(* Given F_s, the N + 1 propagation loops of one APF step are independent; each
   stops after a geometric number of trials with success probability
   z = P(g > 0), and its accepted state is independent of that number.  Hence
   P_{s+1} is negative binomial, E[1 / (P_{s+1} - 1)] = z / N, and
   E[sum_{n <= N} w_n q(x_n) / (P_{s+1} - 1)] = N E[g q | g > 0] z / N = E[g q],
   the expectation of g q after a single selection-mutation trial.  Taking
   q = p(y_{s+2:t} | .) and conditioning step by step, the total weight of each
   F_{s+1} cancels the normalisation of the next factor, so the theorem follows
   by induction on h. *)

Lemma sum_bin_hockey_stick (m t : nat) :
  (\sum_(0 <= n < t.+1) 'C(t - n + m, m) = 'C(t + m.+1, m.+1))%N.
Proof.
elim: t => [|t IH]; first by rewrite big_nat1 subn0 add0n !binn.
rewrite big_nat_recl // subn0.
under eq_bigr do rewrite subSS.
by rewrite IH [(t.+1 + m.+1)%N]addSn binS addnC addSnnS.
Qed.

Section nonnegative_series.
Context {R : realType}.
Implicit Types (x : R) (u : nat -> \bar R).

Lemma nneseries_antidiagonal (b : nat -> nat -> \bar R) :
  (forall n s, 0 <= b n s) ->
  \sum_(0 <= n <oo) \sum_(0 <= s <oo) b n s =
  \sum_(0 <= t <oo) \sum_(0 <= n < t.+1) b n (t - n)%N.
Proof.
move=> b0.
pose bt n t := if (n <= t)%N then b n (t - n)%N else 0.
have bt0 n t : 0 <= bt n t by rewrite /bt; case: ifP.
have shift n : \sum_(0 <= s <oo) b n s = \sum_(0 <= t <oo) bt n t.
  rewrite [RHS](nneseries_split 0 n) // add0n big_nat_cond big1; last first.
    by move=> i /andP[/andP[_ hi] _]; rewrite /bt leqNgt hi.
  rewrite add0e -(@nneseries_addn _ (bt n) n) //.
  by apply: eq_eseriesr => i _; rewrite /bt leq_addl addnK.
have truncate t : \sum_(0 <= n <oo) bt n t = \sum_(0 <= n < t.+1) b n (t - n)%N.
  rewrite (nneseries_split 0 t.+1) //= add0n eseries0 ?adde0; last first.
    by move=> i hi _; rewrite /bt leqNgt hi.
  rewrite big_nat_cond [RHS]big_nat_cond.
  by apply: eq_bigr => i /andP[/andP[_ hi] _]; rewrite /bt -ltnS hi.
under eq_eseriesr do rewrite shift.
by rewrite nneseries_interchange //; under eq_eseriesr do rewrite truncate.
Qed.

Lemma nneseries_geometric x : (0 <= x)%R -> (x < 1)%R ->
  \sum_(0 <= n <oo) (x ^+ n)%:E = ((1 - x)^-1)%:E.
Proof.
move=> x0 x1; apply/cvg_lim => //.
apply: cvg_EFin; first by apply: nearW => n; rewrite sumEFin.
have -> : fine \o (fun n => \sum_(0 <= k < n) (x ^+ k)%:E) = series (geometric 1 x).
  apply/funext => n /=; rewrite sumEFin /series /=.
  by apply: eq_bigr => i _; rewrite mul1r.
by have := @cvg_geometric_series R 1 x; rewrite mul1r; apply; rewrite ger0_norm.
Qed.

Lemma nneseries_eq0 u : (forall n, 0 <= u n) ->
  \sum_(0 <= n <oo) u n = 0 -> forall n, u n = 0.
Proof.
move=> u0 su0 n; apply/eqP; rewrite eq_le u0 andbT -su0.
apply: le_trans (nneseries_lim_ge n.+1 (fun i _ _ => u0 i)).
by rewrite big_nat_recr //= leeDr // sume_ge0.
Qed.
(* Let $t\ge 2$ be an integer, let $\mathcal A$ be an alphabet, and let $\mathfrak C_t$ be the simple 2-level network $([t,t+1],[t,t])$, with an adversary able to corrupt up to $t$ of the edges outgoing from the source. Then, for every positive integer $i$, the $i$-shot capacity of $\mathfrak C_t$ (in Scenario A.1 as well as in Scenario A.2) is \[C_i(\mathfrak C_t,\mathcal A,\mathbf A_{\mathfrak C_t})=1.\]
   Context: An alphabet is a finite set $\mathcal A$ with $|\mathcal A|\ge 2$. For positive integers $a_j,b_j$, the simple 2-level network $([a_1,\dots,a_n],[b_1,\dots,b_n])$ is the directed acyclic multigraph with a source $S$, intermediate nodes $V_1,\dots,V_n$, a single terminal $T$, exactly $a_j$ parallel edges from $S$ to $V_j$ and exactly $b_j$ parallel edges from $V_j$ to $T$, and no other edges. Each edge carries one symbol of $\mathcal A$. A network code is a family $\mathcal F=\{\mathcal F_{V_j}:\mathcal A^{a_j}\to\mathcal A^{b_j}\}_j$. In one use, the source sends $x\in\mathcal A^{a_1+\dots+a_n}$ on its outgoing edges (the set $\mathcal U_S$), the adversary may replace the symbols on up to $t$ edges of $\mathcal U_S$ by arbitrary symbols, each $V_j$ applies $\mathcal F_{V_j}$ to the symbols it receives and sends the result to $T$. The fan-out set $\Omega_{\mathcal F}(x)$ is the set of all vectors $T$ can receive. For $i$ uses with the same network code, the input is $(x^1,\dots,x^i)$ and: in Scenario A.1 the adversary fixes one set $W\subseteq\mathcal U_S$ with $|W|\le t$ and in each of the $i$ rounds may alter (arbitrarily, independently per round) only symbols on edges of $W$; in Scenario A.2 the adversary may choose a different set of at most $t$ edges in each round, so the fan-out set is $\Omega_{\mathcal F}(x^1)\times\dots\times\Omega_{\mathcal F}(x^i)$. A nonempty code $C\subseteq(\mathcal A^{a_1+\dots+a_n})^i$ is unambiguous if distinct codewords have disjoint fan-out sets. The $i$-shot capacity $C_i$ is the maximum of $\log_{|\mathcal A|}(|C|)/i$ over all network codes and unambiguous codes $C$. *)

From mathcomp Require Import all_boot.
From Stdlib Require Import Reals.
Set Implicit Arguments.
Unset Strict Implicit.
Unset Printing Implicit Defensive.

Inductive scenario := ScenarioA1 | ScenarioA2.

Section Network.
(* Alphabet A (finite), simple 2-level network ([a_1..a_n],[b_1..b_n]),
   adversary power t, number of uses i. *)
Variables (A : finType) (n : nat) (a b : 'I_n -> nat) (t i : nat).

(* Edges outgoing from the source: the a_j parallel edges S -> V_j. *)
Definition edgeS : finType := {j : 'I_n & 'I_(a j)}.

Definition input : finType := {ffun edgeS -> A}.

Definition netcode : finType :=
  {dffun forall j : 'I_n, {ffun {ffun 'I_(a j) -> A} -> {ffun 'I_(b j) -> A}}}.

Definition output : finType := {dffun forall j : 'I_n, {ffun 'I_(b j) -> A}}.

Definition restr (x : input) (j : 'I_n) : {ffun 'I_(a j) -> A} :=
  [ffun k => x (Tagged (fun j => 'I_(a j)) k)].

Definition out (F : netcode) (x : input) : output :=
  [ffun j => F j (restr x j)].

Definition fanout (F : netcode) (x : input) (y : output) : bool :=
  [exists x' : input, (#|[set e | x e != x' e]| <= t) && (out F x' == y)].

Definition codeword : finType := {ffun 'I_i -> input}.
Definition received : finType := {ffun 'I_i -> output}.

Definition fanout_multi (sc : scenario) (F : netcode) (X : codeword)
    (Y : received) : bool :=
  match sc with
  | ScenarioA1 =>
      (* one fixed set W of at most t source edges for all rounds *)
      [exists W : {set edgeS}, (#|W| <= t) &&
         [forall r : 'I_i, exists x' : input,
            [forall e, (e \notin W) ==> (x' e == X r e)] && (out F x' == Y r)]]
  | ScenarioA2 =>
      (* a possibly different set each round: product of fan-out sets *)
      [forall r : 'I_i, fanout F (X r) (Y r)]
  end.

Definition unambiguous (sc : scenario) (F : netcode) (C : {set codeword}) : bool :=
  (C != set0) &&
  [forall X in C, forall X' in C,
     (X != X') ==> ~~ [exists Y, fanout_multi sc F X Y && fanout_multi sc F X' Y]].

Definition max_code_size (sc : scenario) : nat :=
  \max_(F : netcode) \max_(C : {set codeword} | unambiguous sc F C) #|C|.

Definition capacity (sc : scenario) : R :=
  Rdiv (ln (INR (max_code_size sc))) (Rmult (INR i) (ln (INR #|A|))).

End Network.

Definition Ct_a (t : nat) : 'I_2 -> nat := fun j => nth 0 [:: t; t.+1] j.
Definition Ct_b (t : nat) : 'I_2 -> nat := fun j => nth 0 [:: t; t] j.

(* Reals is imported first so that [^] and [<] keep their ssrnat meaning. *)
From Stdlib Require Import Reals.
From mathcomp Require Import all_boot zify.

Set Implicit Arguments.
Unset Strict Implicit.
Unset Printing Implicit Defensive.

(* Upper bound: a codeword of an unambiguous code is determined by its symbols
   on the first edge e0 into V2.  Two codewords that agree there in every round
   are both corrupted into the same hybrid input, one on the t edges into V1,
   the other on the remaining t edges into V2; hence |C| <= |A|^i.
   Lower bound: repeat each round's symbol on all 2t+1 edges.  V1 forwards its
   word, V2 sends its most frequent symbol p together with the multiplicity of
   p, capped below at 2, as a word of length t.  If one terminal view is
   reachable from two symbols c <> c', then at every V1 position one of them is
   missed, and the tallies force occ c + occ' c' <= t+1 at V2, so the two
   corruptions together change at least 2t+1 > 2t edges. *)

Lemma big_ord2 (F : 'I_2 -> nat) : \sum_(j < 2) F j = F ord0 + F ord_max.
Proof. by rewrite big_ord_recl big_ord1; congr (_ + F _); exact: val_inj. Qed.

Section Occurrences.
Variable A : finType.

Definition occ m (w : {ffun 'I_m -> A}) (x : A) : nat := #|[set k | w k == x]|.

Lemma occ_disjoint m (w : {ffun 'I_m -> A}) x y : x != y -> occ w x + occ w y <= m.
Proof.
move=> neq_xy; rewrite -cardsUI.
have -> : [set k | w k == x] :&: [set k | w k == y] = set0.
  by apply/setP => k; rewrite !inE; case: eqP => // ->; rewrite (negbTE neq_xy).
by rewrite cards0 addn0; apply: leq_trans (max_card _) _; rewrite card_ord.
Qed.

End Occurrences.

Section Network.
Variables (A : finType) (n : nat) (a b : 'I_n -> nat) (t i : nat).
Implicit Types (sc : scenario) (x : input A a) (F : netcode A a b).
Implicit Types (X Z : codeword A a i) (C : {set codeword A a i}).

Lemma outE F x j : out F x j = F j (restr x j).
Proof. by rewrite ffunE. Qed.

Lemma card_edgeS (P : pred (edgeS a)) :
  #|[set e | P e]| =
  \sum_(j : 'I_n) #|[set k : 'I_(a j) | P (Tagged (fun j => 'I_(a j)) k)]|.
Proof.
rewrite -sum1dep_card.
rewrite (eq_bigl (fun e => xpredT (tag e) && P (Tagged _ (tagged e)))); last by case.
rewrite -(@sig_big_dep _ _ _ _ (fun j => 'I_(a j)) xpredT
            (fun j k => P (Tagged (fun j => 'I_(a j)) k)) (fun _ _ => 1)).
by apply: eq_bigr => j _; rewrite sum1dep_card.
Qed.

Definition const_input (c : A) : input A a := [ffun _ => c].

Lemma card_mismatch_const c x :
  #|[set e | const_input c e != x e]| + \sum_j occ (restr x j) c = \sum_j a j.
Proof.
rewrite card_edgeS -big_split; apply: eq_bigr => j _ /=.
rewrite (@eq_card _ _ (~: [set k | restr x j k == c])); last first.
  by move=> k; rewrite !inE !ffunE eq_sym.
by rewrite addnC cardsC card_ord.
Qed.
────────────────────────────────────────
Exercise aim: Return a word-for-word copy of the lines above from the one holding "by rewrite IH" through the one holding "by apply: eq_bigr => i _; rewrite mul1r.", with both of them included and nothing besides.

Worked solution:
by rewrite IH [(t.+1 + m.+1)%N]addSn binS addnC addSnnS.
Qed.

Section nonnegative_series.
Context {R : realType}.
Implicit Types (x : R) (u : nat -> \bar R).

Lemma nneseries_antidiagonal (b : nat -> nat -> \bar R) :
  (forall n s, 0 <= b n s) ->
  \sum_(0 <= n <oo) \sum_(0 <= s <oo) b n s =
  \sum_(0 <= t <oo) \sum_(0 <= n < t.+1) b n (t - n)%N.
Proof.
move=> b0.
pose bt n t := if (n <= t)%N then b n (t - n)%N else 0.
have bt0 n t : 0 <= bt n t by rewrite /bt; case: ifP.
have shift n : \sum_(0 <= s <oo) b n s = \sum_(0 <= t <oo) bt n t.
  rewrite [RHS](nneseries_split 0 n) // add0n big_nat_cond big1; last first.
    by move=> i /andP[/andP[_ hi] _]; rewrite /bt leqNgt hi.
  rewrite add0e -(@nneseries_addn _ (bt n) n) //.
  by apply: eq_eseriesr => i _; rewrite /bt leq_addl addnK.
have truncate t : \sum_(0 <= n <oo) bt n t = \sum_(0 <= n < t.+1) b n (t - n)%N.
  rewrite (nneseries_split 0 t.+1) //= add0n eseries0 ?adde0; last first.
    by move=> i hi _; rewrite /bt leqNgt hi.
  rewrite big_nat_cond [RHS]big_nat_cond.
  by apply: eq_bigr => i /andP[/andP[_ hi] _]; rewrite /bt -ltnS hi.
under eq_eseriesr do rewrite shift.
by rewrite nneseries_interchange //; under eq_eseriesr do rewrite truncate.
Qed.

Lemma nneseries_geometric x : (0 <= x)%R -> (x < 1)%R ->
  \sum_(0 <= n <oo) (x ^+ n)%:E = ((1 - x)^-1)%:E.
Proof.
move=> x0 x1; apply/cvg_lim => //.
apply: cvg_EFin; first by apply: nearW => n; rewrite sumEFin.
have -> : fine \o (fun n => \sum_(0 <= k < n) (x ^+ k)%:E) = series (geometric 1 x).
  apply/funext => n /=; rewrite sumEFin /series /=.
  by apply: eq_bigr => i _; rewrite mul1r.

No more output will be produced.